### Work required
Among the lines below, list those containing the string "hnorm".

### The data
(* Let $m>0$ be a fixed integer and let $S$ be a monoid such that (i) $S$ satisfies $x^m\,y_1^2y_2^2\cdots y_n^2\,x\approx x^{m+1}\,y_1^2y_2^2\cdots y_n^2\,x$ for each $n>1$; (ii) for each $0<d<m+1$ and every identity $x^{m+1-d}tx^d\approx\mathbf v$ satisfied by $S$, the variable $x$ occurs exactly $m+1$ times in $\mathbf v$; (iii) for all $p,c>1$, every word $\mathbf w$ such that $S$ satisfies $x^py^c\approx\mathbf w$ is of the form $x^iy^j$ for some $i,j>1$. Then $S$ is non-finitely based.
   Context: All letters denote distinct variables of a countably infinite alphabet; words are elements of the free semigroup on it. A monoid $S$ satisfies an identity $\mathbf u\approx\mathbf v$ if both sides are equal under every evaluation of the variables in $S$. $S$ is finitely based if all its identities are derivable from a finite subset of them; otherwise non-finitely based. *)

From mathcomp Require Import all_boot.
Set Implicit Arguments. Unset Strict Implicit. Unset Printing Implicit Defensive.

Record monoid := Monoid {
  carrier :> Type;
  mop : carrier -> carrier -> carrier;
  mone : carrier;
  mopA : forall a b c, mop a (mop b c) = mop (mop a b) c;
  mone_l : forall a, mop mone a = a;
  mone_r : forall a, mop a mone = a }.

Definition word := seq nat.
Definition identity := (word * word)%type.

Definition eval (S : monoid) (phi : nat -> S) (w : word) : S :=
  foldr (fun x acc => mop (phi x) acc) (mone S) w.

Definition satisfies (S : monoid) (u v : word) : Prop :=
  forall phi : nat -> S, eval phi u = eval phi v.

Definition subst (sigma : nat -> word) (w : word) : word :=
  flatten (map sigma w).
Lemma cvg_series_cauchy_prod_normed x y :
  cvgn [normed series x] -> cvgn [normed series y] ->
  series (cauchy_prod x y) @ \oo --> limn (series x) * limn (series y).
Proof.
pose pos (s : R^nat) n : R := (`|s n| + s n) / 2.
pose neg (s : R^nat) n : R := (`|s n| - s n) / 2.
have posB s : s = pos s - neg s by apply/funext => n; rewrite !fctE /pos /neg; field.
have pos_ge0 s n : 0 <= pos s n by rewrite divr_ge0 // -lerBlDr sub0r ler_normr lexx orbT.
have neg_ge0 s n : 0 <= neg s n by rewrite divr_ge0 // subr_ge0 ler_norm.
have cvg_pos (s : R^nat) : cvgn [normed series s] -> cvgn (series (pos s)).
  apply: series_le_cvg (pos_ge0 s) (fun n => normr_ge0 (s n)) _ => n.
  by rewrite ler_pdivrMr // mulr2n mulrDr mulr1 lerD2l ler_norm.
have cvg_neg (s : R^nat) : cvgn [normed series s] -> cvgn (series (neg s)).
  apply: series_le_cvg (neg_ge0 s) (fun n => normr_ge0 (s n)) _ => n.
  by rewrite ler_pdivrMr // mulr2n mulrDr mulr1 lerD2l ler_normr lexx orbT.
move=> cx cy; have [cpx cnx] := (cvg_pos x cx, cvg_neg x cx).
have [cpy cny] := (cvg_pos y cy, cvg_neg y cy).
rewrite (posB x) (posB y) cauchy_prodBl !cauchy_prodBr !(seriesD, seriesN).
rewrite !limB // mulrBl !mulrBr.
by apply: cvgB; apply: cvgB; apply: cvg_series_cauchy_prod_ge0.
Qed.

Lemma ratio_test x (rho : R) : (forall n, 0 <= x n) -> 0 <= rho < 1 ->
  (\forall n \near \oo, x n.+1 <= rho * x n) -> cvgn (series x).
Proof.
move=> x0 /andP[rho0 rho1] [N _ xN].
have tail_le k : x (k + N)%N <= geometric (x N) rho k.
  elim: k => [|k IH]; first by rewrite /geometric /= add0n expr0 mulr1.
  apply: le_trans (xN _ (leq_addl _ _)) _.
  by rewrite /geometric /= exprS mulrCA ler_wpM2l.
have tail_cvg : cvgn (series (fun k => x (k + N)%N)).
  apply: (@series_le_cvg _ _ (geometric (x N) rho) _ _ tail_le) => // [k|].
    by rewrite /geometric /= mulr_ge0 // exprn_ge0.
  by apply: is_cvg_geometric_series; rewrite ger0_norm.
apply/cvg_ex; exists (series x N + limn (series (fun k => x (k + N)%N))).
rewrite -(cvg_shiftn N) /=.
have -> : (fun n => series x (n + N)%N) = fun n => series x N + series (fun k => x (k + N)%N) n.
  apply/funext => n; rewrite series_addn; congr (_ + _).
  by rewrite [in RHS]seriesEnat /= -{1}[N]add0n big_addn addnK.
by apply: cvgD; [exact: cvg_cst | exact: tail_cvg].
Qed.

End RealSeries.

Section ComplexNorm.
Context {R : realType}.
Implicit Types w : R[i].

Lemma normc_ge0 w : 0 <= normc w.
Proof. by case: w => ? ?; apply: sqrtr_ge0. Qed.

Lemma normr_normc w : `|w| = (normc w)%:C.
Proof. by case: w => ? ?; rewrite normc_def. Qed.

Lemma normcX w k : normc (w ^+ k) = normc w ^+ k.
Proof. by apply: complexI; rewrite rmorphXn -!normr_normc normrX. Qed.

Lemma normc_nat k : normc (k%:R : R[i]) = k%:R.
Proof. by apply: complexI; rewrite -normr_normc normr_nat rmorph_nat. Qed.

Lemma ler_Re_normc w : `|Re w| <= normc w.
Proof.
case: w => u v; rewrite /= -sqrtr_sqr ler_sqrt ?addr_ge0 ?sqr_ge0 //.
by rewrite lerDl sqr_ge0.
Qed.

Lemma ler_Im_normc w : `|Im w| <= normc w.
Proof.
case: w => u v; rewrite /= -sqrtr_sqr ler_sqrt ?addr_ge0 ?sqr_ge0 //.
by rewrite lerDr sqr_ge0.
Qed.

* * *

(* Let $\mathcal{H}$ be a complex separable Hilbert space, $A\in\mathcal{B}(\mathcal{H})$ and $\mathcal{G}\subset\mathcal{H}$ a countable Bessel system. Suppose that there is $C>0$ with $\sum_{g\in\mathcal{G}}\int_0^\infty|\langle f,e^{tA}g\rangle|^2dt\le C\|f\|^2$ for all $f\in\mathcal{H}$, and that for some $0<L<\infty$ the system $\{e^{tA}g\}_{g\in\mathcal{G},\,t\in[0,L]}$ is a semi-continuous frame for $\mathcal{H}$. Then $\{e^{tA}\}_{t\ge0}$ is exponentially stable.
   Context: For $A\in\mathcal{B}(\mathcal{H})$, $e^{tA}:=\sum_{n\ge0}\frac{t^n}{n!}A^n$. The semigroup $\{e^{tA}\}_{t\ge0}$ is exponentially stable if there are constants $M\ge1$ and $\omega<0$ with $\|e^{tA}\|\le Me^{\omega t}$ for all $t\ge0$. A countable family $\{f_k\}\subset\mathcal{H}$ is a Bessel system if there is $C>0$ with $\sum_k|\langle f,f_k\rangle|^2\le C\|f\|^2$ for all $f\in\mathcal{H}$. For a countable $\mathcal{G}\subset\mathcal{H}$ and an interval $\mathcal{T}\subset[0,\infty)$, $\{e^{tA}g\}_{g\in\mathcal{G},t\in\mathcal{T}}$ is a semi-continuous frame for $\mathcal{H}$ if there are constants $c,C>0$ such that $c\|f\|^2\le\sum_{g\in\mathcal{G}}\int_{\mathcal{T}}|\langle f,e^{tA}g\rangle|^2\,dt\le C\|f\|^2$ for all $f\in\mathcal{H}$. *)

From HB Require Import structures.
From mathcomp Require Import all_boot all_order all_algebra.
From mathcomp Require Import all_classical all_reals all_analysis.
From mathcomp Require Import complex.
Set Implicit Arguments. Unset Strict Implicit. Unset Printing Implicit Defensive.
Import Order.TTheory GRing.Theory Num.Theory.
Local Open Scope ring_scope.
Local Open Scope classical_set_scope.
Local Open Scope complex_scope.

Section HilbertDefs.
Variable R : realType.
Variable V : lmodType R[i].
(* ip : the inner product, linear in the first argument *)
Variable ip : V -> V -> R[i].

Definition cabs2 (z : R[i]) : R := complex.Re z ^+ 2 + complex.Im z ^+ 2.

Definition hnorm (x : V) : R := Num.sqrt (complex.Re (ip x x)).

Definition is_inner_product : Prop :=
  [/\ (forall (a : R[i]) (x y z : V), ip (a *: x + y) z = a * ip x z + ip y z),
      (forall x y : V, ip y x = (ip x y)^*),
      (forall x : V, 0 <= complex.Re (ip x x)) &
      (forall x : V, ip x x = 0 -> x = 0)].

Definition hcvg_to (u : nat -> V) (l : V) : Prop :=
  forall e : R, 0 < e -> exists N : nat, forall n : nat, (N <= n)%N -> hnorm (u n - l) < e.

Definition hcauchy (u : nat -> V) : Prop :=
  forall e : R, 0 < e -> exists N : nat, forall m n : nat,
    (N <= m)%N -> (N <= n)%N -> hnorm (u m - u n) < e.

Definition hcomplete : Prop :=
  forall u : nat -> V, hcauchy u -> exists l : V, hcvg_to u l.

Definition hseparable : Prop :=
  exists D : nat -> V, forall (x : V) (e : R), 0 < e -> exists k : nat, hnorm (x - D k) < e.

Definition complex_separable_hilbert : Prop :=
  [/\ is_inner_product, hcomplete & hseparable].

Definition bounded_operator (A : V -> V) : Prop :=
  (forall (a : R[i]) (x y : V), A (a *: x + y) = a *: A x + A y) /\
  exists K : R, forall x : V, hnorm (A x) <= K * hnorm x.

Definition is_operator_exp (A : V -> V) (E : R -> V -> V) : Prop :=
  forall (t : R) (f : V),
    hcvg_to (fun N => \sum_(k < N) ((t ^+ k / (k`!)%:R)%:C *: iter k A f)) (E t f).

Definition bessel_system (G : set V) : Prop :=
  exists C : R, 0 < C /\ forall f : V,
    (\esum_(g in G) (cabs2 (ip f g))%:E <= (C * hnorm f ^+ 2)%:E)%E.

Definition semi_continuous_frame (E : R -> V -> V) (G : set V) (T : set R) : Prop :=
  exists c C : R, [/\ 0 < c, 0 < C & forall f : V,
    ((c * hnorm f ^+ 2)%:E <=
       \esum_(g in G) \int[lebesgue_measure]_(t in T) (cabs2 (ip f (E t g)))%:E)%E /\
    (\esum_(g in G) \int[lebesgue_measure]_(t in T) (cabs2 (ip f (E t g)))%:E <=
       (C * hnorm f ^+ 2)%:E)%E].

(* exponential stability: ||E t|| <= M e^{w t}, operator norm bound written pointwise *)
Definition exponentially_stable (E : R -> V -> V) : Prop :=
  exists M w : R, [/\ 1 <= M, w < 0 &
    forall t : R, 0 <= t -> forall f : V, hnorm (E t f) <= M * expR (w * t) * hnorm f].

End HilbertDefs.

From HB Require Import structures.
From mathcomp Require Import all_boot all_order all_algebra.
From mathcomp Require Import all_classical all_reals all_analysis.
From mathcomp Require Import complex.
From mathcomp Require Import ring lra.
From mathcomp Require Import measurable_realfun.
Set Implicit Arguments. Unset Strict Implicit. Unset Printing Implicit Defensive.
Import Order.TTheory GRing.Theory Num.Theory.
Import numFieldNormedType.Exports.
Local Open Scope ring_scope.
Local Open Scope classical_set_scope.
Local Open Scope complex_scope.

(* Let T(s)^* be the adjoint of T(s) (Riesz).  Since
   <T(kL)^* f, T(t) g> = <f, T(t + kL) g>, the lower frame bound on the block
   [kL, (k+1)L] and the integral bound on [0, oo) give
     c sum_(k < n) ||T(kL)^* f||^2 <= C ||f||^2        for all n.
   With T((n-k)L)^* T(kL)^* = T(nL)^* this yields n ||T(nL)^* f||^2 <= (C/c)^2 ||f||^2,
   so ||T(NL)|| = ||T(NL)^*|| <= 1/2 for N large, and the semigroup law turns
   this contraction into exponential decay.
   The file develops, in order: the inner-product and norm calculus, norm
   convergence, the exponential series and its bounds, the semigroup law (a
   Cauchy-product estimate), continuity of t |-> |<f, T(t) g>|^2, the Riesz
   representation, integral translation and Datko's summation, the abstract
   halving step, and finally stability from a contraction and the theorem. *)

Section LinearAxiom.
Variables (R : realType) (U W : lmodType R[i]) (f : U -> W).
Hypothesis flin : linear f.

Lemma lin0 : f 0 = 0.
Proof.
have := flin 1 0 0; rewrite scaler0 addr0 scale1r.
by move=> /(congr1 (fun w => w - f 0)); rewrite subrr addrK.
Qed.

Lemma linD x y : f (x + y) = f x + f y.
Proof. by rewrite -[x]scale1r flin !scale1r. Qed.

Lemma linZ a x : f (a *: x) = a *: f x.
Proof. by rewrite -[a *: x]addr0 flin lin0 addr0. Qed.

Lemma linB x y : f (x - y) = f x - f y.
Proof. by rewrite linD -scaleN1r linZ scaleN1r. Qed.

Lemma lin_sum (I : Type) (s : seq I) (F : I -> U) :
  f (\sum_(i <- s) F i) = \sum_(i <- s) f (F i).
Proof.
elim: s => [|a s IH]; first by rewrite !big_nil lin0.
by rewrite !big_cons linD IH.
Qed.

### Exercise output
Definition hnorm (x : V) : R := Num.sqrt (complex.Re (ip x x)).
  forall e : R, 0 < e -> exists N : nat, forall n : nat, (N <= n)%N -> hnorm (u n - l) < e.
    (N <= m)%N -> (N <= n)%N -> hnorm (u m - u n) < e.
  exists D : nat -> V, forall (x : V) (e : R), 0 < e -> exists k : nat, hnorm (x - D k) < e.
  exists K : R, forall x : V, hnorm (A x) <= K * hnorm x.
    (\esum_(g in G) (cabs2 (ip f g))%:E <= (C * hnorm f ^+ 2)%:E)%E.
    ((c * hnorm f ^+ 2)%:E <=
       (C * hnorm f ^+ 2)%:E)%E].
    forall t : R, 0 <= t -> forall f : V, hnorm (E t f) <= M * expR (w * t) * hnorm f].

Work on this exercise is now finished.